» Task objective
The answer must consist of every line in the data that contains "assert".
■ ■ ■ ■
Lemma shadow2U F G : shadow2 (F :|: G) = shadow2 F :|: shadow2 G.
Proof.
apply/setP=> P; rewrite !inE -andb_orr; congr (_ && _).
apply/existsP/orP => [[A /andP[]]|[] /existsP[A /andP[AF PA]]].
- by rewrite inE => /orP[] AF PA; [left|right]; apply/existsP; exists A; rewrite AF.
- by exists A; rewrite inE AF.
- by exists A; rewrite inE AF orbT.
Qed.

Lemma card_setD1_triple e x : #|e| = 3 -> x \in e -> #|e :\ x| = 2.
Proof. by move=> e3 xe; move: (cardsD1 x e); rewrite xe e3; lia. Qed.

Lemma card_shadow2_triple e : #|e| = 3 -> #|shadow2 [set e]| <= 3.
Proof.
move=> e3; rewrite -e3; apply: leq_trans (leq_imset_card (fun x => e :\ x) e).
apply/subset_leq_card/subsetP => P.
rewrite mem_shadow2 => /andP[/eqP P2 /existsP[A /andP[/set1P -> Pe]]].
have : 0 < #|e :\: P| by rewrite cardsD (setIidPr Pe) e3 P2.
rewrite card_gt0 => /set0Pn[x /setDP[xe xP]]; apply/imsetP; exists x => //.
by apply/eqP; rewrite eqEcard subsetD1 Pe xP card_setD1_triple ?P2.
Qed.

Lemma triple_other_pair e P : #|e| = 3 ->
  exists Q : {set T}, [/\ Q \subset e, #|Q| = 2 & Q != P].
Proof.
move=> e3; have /card_gt1P[x [y [xe ye xy]]] : 1 < #|e| by rewrite e3.
have [Px|Py] := eqVneq (e :\ x) P; last first.
  by exists (e :\ x); rewrite subD1set card_setD1_triple.
exists (e :\ y); rewrite subD1set card_setD1_triple //; split=> //.
rewrite -Px; apply/negP => /eqP eyx; have := setD11 y e.
by rewrite eyx !inE eq_sym xy ye.
Qed.

Lemma card_shadow2_setU1 F e : #|e| = 3 -> touches F e ->
  #|shadow2 (e |: F)| <= #|shadow2 F| + 2.
Proof.
move=> e3 [P Pe PF]; have := cardsUI (shadow2 [set e]) (shadow2 F).
have : 0 < #|shadow2 [set e] :&: shadow2 F|.
  apply/card_gt0P; exists P; rewrite inE PF andbT mem_shadow2.
  by move: PF; rewrite mem_shadow2 => /andP[-> _]; apply/existsP; exists e; rewrite inE eqxx.
have := card_shadow2_triple e3; rewrite shadow2U; lia.
Qed.

End Shadow.

Section LowerBound.
Variables (T : finType) (E : {set {set T}}).
Hypotheses (E3 : uniform3 E) (Econn : hconnected E).
Implicit Types (F : {set {set T}}) (A e P : {set T}).
Lemma eigenpoint_hdet_neq0 A l k p q : l <> k ->
  eigenpoint A l p -> eigenpoint A k q -> hdet p q <> 0.
Proof.
  intros Hlk [E1 E2] [E3 E4] H. apply hdet_eq0 in H. subst q.
  assert (H1 : (l - k) * hc1 p = 0) by lra. assert (H2 : (l - k) * hc2 p = 0) by lra.
  apply Rmult_integral in H1; apply Rmult_integral in H2.
  destruct (hc_neq0 p); destruct H1, H2; lra.
Qed.

Lemma common_eigenpoints_commute A B la ka mb nb p q : hdet p q <> 0 ->
  eigenpoint A la p -> eigenpoint A ka q -> eigenpoint B mb p -> eigenpoint B nb q ->
  mmul A B = mmul B A.
Proof.
  intros Hpq HAp HAq HBp HBq.
  destruct (eigenpoint_entries A la ka p q Hpq HAp HAq) as [a1 [a2 [a3 a4]]].
  destruct (eigenpoint_entries B mb nb p q Hpq HBp HBq) as [b1 [b2 [b3 b4]]].
  unfold mmul. rewrite a1, a2, a3, a4, b1, b2, b3, b4.
  unfold hdet in *. f_equal; field; auto.
Qed.

Lemma trace_mul_eigenpoints A B la ka mb nb p q r s : hdet p q <> 0 -> hdet r s <> 0 ->
  eigenpoint A la p -> eigenpoint A ka q -> eigenpoint B mb r -> eigenpoint B nb s ->
  mtr (mmul A B) * (hdet p q * hdet r s) =
  (la * mb + ka * nb) * (hdet p s * hdet r q) - (la * nb + ka * mb) * (hdet p r * hdet s q).
Proof.
  intros Hpq Hrs HAp HAq HBr HBs.
  destruct (eigenpoint_entries A la ka p q Hpq HAp HAq) as [a1 [a2 [a3 a4]]].
  destruct (eigenpoint_entries B mb nb r s Hrs HBr HBs) as [b1 [b2 [b3 b4]]].
  unfold mtr, mmul; cbn [m11 m12 m21 m22]. rewrite a1, a2, a3, a4, b1, b2, b3, b4.
  unfold hdet in *. field. auto.
Qed.

Lemma attr_fp_eigenpoint A p : hyperbolic A -> attr_fp A p ->
  exists l, 1 < l /\ eigenpoint A l p.
Proof.
  unfold hyperbolic. intros hA [[[_ Htr] _] | [_ [l [Hl He]]]]; [lra|].
  eauto using eigenline_eigenpoint.
Qed.

Lemma rep_fp_eigenpoint A p : hyperbolic A -> rep_fp A p ->
  exists l, 0 < l < 1 /\ eigenpoint A l p.
Proof.
  unfold hyperbolic. intros hA [[[_ Htr] _] | [_ [l [Hl He]]]]; [lra|].
  eauto using eigenline_eigenpoint.
Qed.

Lemma attr_fp_unique A p q : mdet A = 1 -> hyperbolic A ->
  attr_fp A p -> attr_fp A q -> p = q.
Proof.
  intros Hdet hA Hp Hq.
  destruct (attr_fp_eigenpoint A p hA Hp) as [l [Hl Ep]].
  destruct (attr_fp_eigenpoint A q hA Hq) as [k [Hk Eq]].
  apply (eigenpoint_unique A l k); auto. nra.
Qed.

Lemma rep_fp_unique A p q : mdet A = 1 -> hyperbolic A ->
  rep_fp A p -> rep_fp A q -> p = q.
Proof.
  intros Hdet hA Hp Hq.
  destruct (rep_fp_eigenpoint A p hA Hp) as [l [Hl Ep]].
  destruct (rep_fp_eigenpoint A q hA Hq) as [k [Hk Eq]].
  apply (eigenpoint_unique A l k); auto. nra.
Qed.

Lemma hyperbolic_eigenpoints A p q : mdet A = 1 -> hyperbolic A ->
  attr_fp A p -> rep_fp A q ->
  exists l, 1 < l /\ eigenpoint A l p /\ eigenpoint A (/ l) q /\ hdet p q <> 0.
Proof.
  intros Hdet hA Hp Hq.
  destruct (attr_fp_eigenpoint A p hA Hp) as [l [Hl Ep]].
  destruct (rep_fp_eigenpoint A q hA Hq) as [k [Hk Eq]].
  assert (Hlk : l * k = 1)
    by (apply (charpoly_roots_mul (mtr A)); eauto using eigenpoint_charpoly; lra).
  replace k with (/ l) in Eq by (field_simplify_eq; lra).
  exists l. do 3 (split; [assumption|]).
  apply (eigenpoint_hdet_neq0 A l (/ l)); auto.
  assert (/ l < 1) by (rewrite <- Rinv_1; apply Rinv_lt_contravar; lra). lra.
Qed.

Lemma Iplus_interval A B ap bp I : mdet A = 1 -> mdet B = 1 ->
  hyperbolic A -> hyperbolic B -> attr_fp A ap -> attr_fp B bp ->
  Iplus A B I -> interval_choice (act A) (act B) ap bp I.
Proof.
  intros HA HB hA hB Hap Hbp [ap' [bp' [Hap' [Hbp' HI]]]].
  now rewrite (attr_fp_unique A ap ap'), (attr_fp_unique B bp bp').
Qed.

Lemma Iminus_interval A B am bm I : mdet A = 1 -> mdet B = 1 ->
  hyperbolic A -> hyperbolic B -> rep_fp A am -> rep_fp B bm ->
  Iminus A B I -> interval_choice (act (minv A)) (act (minv B)) am bm I.
Proof.
  intros HA HB hA hB Ham Hbm [am' [bm' [Ham' [Hbm' HI]]]].
  now rewrite (rep_fp_unique A am am'), (rep_fp_unique B bm bm').
Qed.

(* The sign of [hdet a x * hdet b x] tells on which side of the chord ab the point x lies. *)
Lemma strictly_between_hdet a b x : a <> b -> strictly_between b a x ->
  hdet a x * hdet b x * hdet a b < 0.
Proof.
  intros Hab H.
  destruct a as [a|], b as [b|], x as [x|]; unfold hdet; simpl in *; try tauto;
    try destruct (Rlt_dec b a); try nra.
  all: assert (a <> b) by congruence.
  - assert (0 < (a * 1 - 1 * x) * (1 * x - b * 1)) by nra. nra.
  - assert (a < b) by (destruct (Rtotal_order a b) as [?|[?|?]]; [auto | contradiction | tauto]).
    destruct H as [H|H]; assert (0 < (a * 1 - 1 * x) * (b * 1 - 1 * x)) by nra; nra.
Qed.

Lemma not_cinterval a b x : a <> b -> ~ cinterval a b x -> strictly_between b a x.
Proof.
  intros Hab Hn. unfold cinterval in Hn.
  destruct a as [a|], b as [b|], x as [x|]; simpl in *; try tauto.
  - assert (a <> b) by congruence.
    assert (x <> a) by (intro E; rewrite E in Hn; tauto).
    assert (x <> b) by (intro E; rewrite E in Hn; tauto).
    destruct (Rlt_dec a b), (Rlt_dec b a); lra.
  all: match goal with |- ?u < ?v => destruct (Rtotal_order u v) as [?|[E|?]] end;
    [auto | subst; exfalso; first [congruence | apply Hn; auto]
     | exfalso; apply Hn; right; right; lra].
Qed.
Hypothesis phi_growth : poly_growth 2 phi.
Hypothesis stage_wsummable :
  forall l, (l <= s)%nat -> wsummable 2 (stage sch Q s c muh1 b0 b1 f l).
Hypothesis Q_stage_wsummable :
  forall l, (l <= s)%nat -> wsummable 2 (Q (stage sch Q s c muh1 b0 b1 f l)).
Hypothesis moment_Q_stage :
  forall l, (l <= s)%nat -> moment phi (Q (stage sch Q s c muh1 b0 b1 f l)) = 0.

Lemma stage_0 : stage sch Q s c muh1 b0 b1 f 0 = f.
Proof. now destruct sch. Qed.

Lemma moment_stages (l : nat) :
  (S l <= s)%nat ->
  moment phi (fst (stages sch Q s c muh1 b0 b1 f l)) = moment phi f /\
  moment phi (snd (stages sch Q s c muh1 b0 b1 f l)) = moment phi f.
Proof.
  pose proof (stage_wsummable 0 (Nat.le_0_l s)) as Hf.
  pose proof (Q_stage_wsummable 0 (Nat.le_0_l s)) as HQf.
  pose proof (moment_Q_stage 0 (Nat.le_0_l s)) as HmQf.
  rewrite stage_0 in Hf, HQf, HmQf.
  induction l as [|l IH]; intros Hl.
  - destruct sch; simpl; split; try reflexivity;
      rewrite moment_plus, moment_scal, HmQf by wsum; ring.
  - destruct (IH ltac:(lia)) as [IH2 IH1].
    pose proof (stage_wsummable l ltac:(lia)) as H2.
    pose proof (stage_wsummable (S l) ltac:(lia)) as H1.
    pose proof (Q_stage_wsummable (S l) ltac:(lia)) as HQ1.
    pose proof (moment_Q_stage (S l) ltac:(lia)) as HmQ1.
    unfold stage in H2, H1, HQ1, HmQ1; simpl in H1, HQ1, HmQ1 |- *.
    destruct (stages sch Q s c muh1 b0 b1 f l) as [Km2 Km1]; simpl in *.
    split; [exact IH1|].
    destruct sch.
    + rewrite !moment_plus, !moment_scal, IH1, IH2, HmQ1 by wsum.
      unfold kappa_1; ring.
    + rewrite moment_minus, !moment_plus, !moment_scal, IH1, IH2, HmQ1, HmQf by wsum.
      ring.
Qed.
Lemma candidates_count_arith n a c : 2 <= n -> 2 <= c -> 0 < a ->
  n ^ 4 * ((1 + (n - 1) ^ a) * (1 + n * (1 + n * (1 + (n - 1) ^ c)))) <= n ^ (a + c + 6).
Proof.
move=> n_ge2 c_ge2 a_gt0; have -> : a + c + 6 = 4 + (a + c.+2) by lia.
rewrite !expnD leq_mul2l; apply/orP; right; apply: leq_mul.
  by rewrite add1n ltn_exp2r //; lia.
case: c c_ge2 => // c c_ge1.
have := expn_pred_add c (ltnW n_ge2); have : n ^ 1 <= n ^ c by rewrite leq_exp2l.
rewrite expn1 !expnS; nia.
Qed.

Section Step.
Variables (T : finType) (e : rel T) (S : {set T}) (a c : nat).
Hypotheses (e_sym : symmetric e) (c_ge2 : 1 < c) (a_gt0 : 0 < a).
Local Notation n := #|S|.
Local Notation N := (closed_nbhd e).
Local Notation paths := (induced_paths e).

Hypothesis C4_free_bound :
  forall Y : {set T}, Y \subset S -> C4s e Y = [::] -> size (paths Y) <= #|Y| ^ c.
Hypothesis deletion_bound :
  forall X, X \in C4s e S -> size (paths (S :\: N X)) <= (n - 1) ^ a.

Definition prefixes v B : seq (seq T) :=
  [::] :: [seq rcons A u | u <- enum S, A <- [::] :: paths (S :\: N (v :: B))].

Definition extensions B : seq (seq T) :=
  [seq A ++ v :: B | v <- [seq v <- enum S | C4s e (S :\: N (v :: B)) == [::]],
                     A <- prefixes v B].

Definition candidates X : seq (seq T) :=
  [seq P | B <- [::] :: paths (S :\: N X), P <- B :: extensions B].

Definition all_candidates : seq (seq T) := [seq P | X <- C4s e S, P <- candidates X].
■ ■ ■ ■
» Written solution
  assert (H1 : (l - k) * hc1 p = 0) by lra. assert (H2 : (l - k) * hc2 p = 0) by lra.
  assert (Hlk : l * k = 1)
  assert (/ l < 1) by (rewrite <- Rinv_1; apply Rinv_lt_contravar; lra). lra.
  all: assert (a <> b) by congruence.
  - assert (0 < (a * 1 - 1 * x) * (1 * x - b * 1)) by nra. nra.
  - assert (a < b) by (destruct (Rtotal_order a b) as [?|[?|?]]; [auto | contradiction | tauto]).
    destruct H as [H|H]; assert (0 < (a * 1 - 1 * x) * (b * 1 - 1 * x)) by nra; nra.
  - assert (a <> b) by congruence.
    assert (x <> a) by (intro E; rewrite E in Hn; tauto).
    assert (x <> b) by (intro E; rewrite E in Hn; tauto).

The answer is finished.